TO DO:
What are the lines, written out exactly, from the one containing "Import GRing.Theory." to the end of the entries below? Include both ends and nothing more.

RECORDS PROVIDED:
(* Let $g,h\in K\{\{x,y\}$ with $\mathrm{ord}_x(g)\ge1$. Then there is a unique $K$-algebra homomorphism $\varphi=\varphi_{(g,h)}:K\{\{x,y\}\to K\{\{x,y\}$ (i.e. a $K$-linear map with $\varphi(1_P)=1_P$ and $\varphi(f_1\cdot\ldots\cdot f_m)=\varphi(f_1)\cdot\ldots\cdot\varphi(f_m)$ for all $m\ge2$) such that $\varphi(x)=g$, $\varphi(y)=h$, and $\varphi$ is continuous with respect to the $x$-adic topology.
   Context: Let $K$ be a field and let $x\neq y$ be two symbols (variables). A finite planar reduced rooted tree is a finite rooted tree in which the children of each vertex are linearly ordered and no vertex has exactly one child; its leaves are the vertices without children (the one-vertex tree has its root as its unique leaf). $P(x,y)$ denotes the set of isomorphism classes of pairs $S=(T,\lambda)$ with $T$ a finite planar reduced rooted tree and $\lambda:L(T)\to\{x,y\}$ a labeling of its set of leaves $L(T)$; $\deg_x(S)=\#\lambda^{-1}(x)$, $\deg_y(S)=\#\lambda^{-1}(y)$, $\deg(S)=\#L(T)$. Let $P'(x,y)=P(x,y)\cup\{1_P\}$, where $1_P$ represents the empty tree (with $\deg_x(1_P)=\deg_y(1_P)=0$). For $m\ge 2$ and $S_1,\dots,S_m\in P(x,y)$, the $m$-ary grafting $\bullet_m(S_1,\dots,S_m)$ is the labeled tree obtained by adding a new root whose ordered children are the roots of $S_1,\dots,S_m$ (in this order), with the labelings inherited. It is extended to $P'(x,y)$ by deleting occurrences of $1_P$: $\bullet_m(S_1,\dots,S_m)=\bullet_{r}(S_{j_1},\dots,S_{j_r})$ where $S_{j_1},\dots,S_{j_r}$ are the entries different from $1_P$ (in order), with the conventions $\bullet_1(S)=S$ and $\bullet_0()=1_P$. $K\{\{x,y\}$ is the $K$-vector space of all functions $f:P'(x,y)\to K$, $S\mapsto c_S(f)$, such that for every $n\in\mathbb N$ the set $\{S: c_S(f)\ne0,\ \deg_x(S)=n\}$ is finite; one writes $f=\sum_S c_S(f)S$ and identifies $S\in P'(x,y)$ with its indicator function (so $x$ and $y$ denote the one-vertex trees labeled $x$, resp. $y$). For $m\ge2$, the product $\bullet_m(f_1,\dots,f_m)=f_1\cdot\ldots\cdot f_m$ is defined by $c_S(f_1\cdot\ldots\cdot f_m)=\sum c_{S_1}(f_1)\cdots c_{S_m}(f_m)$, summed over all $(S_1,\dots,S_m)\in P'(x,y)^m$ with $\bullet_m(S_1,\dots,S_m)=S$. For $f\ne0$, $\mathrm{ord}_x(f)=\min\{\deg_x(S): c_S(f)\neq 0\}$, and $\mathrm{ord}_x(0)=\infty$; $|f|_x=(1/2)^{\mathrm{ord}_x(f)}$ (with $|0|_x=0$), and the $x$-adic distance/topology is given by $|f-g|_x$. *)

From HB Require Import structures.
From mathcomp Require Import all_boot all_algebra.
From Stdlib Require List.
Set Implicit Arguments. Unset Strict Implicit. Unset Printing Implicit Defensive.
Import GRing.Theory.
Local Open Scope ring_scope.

ANSWER FOR THE TASK:
Import GRing.Theory.
Local Open Scope ring_scope.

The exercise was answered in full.